_Task brief:_ Return the entries exactly as they appear.
[Material provided — start]
(* Let $G$ be a group, let $(\Gamma,\psi)$ be a $G$-gain graph on $n$ vertices, let $\pi$ be a unitary representation of $G$, and let $\alpha=\{C_0,C_1,\dots,C_{2k}\}$ be a $\pi$-WQH partition of the vertex set of $\Gamma$. Let $(\Gamma^\alpha,\psi^\alpha)$ be the gain graph obtained from $(\Gamma,\psi)$ and $\alpha$ as described in the context, and let $Q_\alpha$ be the matrix associated with $\alpha$. Then, with vertices ordered as $C_0,C_1,\dots,C_{2k}$, $$\pi(A_{(\Gamma^\alpha,\psi^\alpha)})=\pi(Q_\alpha)\,\pi(A_{(\Gamma,\psi)})\,\pi(Q_\alpha),$$ and in particular $(\Gamma,\psi)$ and $(\Gamma^\alpha,\psi^\alpha)$ are $\pi$-cospectral.
   Context: A $G$-gain graph $(\Gamma,\psi)$ consists of a directed graph $\Gamma=(V,A)$ in which every arc $(u,w)$ has its reverse $(w,u)$ (no loops), and a gain function $\psi:A\to G$ with $\psi(w,u)=\psi(u,w)^{-1}$. Set $\psi(v,w)=0\in\mathbb{C}G$ when $v,w$ are not adjacent. For $V=\{v_1,\dots,v_n\}$, the adjacency matrix $A_{(\Gamma,\psi)}\in M_n(\mathbb{C}G)$ has $(i,j)$ entry $\psi(v_i,v_j)$ if $v_i\sim v_j$ and $0$ otherwise; $\mathbb{C}G$ is the complex group algebra with neutral element $1_G$. A unitary representation of degree $d$ is a group homomorphism $\pi:G\to U_d(\mathbb{C})$; it is extended linearly to an algebra homomorphism $\pi:\mathbb{C}G\to M_d(\mathbb{C})$, and to matrices $M\in M_{a,b}(\mathbb{C}G)$ by replacing each entry $M_{i,j}$ by the $d\times d$ block $\pi(M_{i,j})$. The matrix $\pi(A_{(\Gamma,\psi)})$ is Hermitian; its spectrum is the $\pi$-spectrum of $(\Gamma,\psi)$, and two gain graphs are $\pi$-cospectral if they have the same $\pi$-spectrum. Given a partition $\alpha=\{C_0,\dots,C_{2k}\}$ of $V$, let $\Psi_i(v)=\sum_{w\in C_i,\,w\sim v}\psi(v,w)\in\mathbb{C}G$. It is a $\pi$-WQH partition if: (1) $|C_i|=|C_{i+1}|$ for every odd $i<2k$; (2) for $i,j\in\{1,\dots,2k\}$ and $v,v'\in C_i$, $\pi(\Psi_j(v))=\pi(\Psi_j(v'))$; (3) for odd $i,j<2k$ and $v\in C_i$, $v'\in C_{i+1}$, $\pi(\Psi_j(v))=\pi(\Psi_{j+1}(v'))$ and $\pi(\Psi_{j+1}(v))=\pi(\Psi_j(v'))$; (4) for every $v\in C_0$ and odd $i<2k$, either (a) $\Psi_i(v)=\Psi_{i+1}(v)$, or (b) $\Psi_i(v)=|C_i|g_1$ and $\Psi_{i+1}(v)=|C_{i+1}|g_2$ for some distinct $g_1,g_2\in G\cup\{0\}$. The gain graph $(\Gamma^\alpha,\psi^\alpha)$ on the same vertex set is defined by (with $\psi^\alpha(v,w)=0$ meaning non-adjacency): $\psi^\alpha(v,w)=\psi(v,w)$ for $v,w\in C_1\cup\dots\cup C_{2k}$ and for $v,w\in C_0$; for $v\in C_0$ and odd $i<2k$ with $\Psi_i(v)=\Psi_{i+1}(v)$, $\psi^\alpha(v,w)=\psi(v,w)$ for $w\in C_i\cup C_{i+1}$; for $v\in C_0$ and odd $i<2k$ in case (b) with $g_1,g_2$, $\psi^\alpha(v,w)=g_2$ for $w\in C_i$ and $\psi^\alpha(v,w)=g_1$ for $w\in C_{i+1}$ (reversed arcs get inverse gains). For $m\ge1$ let $Q_m=\begin{pmatrix} I_m-\frac1m J_m & \frac1m J_m\\ \frac1m J_m & I_m-\frac1m J_m\end{pmatrix}\in M_{2m}(\mathbb{C}G)$, with $I_m$ the identity (diagonal entries $1_G$) and $J_m$ the all-$1_G$ matrix. With $m_t=|C_{2t-1}|=|C_{2t}|$, $t=1,\dots,k$, let $Q_\alpha=\mathrm{diag}(I_{|C_0|},Q_{m_1},\dots,Q_{m_k})\in M_n(\mathbb{C}G)$. *)

From HB Require Import structures.
From mathcomp Require Import all_boot all_order all_algebra.
From mathcomp Require Import reals complex.
Set Implicit Arguments. Unset Strict Implicit. Unset Printing Implicit Defensive.
Import Order.TTheory GRing.Theory Num.Theory.
Local Open Scope ring_scope.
[Material provided — finish]
_Solved exercise:_
(* Let $G$ be a group, let $(\Gamma,\psi)$ be a $G$-gain graph on $n$ vertices, let $\pi$ be a unitary representation of $G$, and let $\alpha=\{C_0,C_1,\dots,C_{2k}\}$ be a $\pi$-WQH partition of the vertex set of $\Gamma$. Let $(\Gamma^\alpha,\psi^\alpha)$ be the gain graph obtained from $(\Gamma,\psi)$ and $\alpha$ as described in the context, and let $Q_\alpha$ be the matrix associated with $\alpha$. Then, with vertices ordered as $C_0,C_1,\dots,C_{2k}$, $$\pi(A_{(\Gamma^\alpha,\psi^\alpha)})=\pi(Q_\alpha)\,\pi(A_{(\Gamma,\psi)})\,\pi(Q_\alpha),$$ and in particular $(\Gamma,\psi)$ and $(\Gamma^\alpha,\psi^\alpha)$ are $\pi$-cospectral.
   Context: A $G$-gain graph $(\Gamma,\psi)$ consists of a directed graph $\Gamma=(V,A)$ in which every arc $(u,w)$ has its reverse $(w,u)$ (no loops), and a gain function $\psi:A\to G$ with $\psi(w,u)=\psi(u,w)^{-1}$. Set $\psi(v,w)=0\in\mathbb{C}G$ when $v,w$ are not adjacent. For $V=\{v_1,\dots,v_n\}$, the adjacency matrix $A_{(\Gamma,\psi)}\in M_n(\mathbb{C}G)$ has $(i,j)$ entry $\psi(v_i,v_j)$ if $v_i\sim v_j$ and $0$ otherwise; $\mathbb{C}G$ is the complex group algebra with neutral element $1_G$. A unitary representation of degree $d$ is a group homomorphism $\pi:G\to U_d(\mathbb{C})$; it is extended linearly to an algebra homomorphism $\pi:\mathbb{C}G\to M_d(\mathbb{C})$, and to matrices $M\in M_{a,b}(\mathbb{C}G)$ by replacing each entry $M_{i,j}$ by the $d\times d$ block $\pi(M_{i,j})$. The matrix $\pi(A_{(\Gamma,\psi)})$ is Hermitian; its spectrum is the $\pi$-spectrum of $(\Gamma,\psi)$, and two gain graphs are $\pi$-cospectral if they have the same $\pi$-spectrum. Given a partition $\alpha=\{C_0,\dots,C_{2k}\}$ of $V$, let $\Psi_i(v)=\sum_{w\in C_i,\,w\sim v}\psi(v,w)\in\mathbb{C}G$. It is a $\pi$-WQH partition if: (1) $|C_i|=|C_{i+1}|$ for every odd $i<2k$; (2) for $i,j\in\{1,\dots,2k\}$ and $v,v'\in C_i$, $\pi(\Psi_j(v))=\pi(\Psi_j(v'))$; (3) for odd $i,j<2k$ and $v\in C_i$, $v'\in C_{i+1}$, $\pi(\Psi_j(v))=\pi(\Psi_{j+1}(v'))$ and $\pi(\Psi_{j+1}(v))=\pi(\Psi_j(v'))$; (4) for every $v\in C_0$ and odd $i<2k$, either (a) $\Psi_i(v)=\Psi_{i+1}(v)$, or (b) $\Psi_i(v)=|C_i|g_1$ and $\Psi_{i+1}(v)=|C_{i+1}|g_2$ for some distinct $g_1,g_2\in G\cup\{0\}$. The gain graph $(\Gamma^\alpha,\psi^\alpha)$ on the same vertex set is defined by (with $\psi^\alpha(v,w)=0$ meaning non-adjacency): $\psi^\alpha(v,w)=\psi(v,w)$ for $v,w\in C_1\cup\dots\cup C_{2k}$ and for $v,w\in C_0$; for $v\in C_0$ and odd $i<2k$ with $\Psi_i(v)=\Psi_{i+1}(v)$, $\psi^\alpha(v,w)=\psi(v,w)$ for $w\in C_i\cup C_{i+1}$; for $v\in C_0$ and odd $i<2k$ in case (b) with $g_1,g_2$, $\psi^\alpha(v,w)=g_2$ for $w\in C_i$ and $\psi^\alpha(v,w)=g_1$ for $w\in C_{i+1}$ (reversed arcs get inverse gains). For $m\ge1$ let $Q_m=\begin{pmatrix} I_m-\frac1m J_m & \frac1m J_m\\ \frac1m J_m & I_m-\frac1m J_m\end{pmatrix}\in M_{2m}(\mathbb{C}G)$, with $I_m$ the identity (diagonal entries $1_G$) and $J_m$ the all-$1_G$ matrix. With $m_t=|C_{2t-1}|=|C_{2t}|$, $t=1,\dots,k$, let $Q_\alpha=\mathrm{diag}(I_{|C_0|},Q_{m_1},\dots,Q_{m_k})\in M_n(\mathbb{C}G)$. *)

From HB Require Import structures.
From mathcomp Require Import all_boot all_order all_algebra.
From mathcomp Require Import reals complex.
Set Implicit Arguments. Unset Strict Implicit. Unset Printing Implicit Defensive.
Import Order.TTheory GRing.Theory Num.Theory.
Local Open Scope ring_scope.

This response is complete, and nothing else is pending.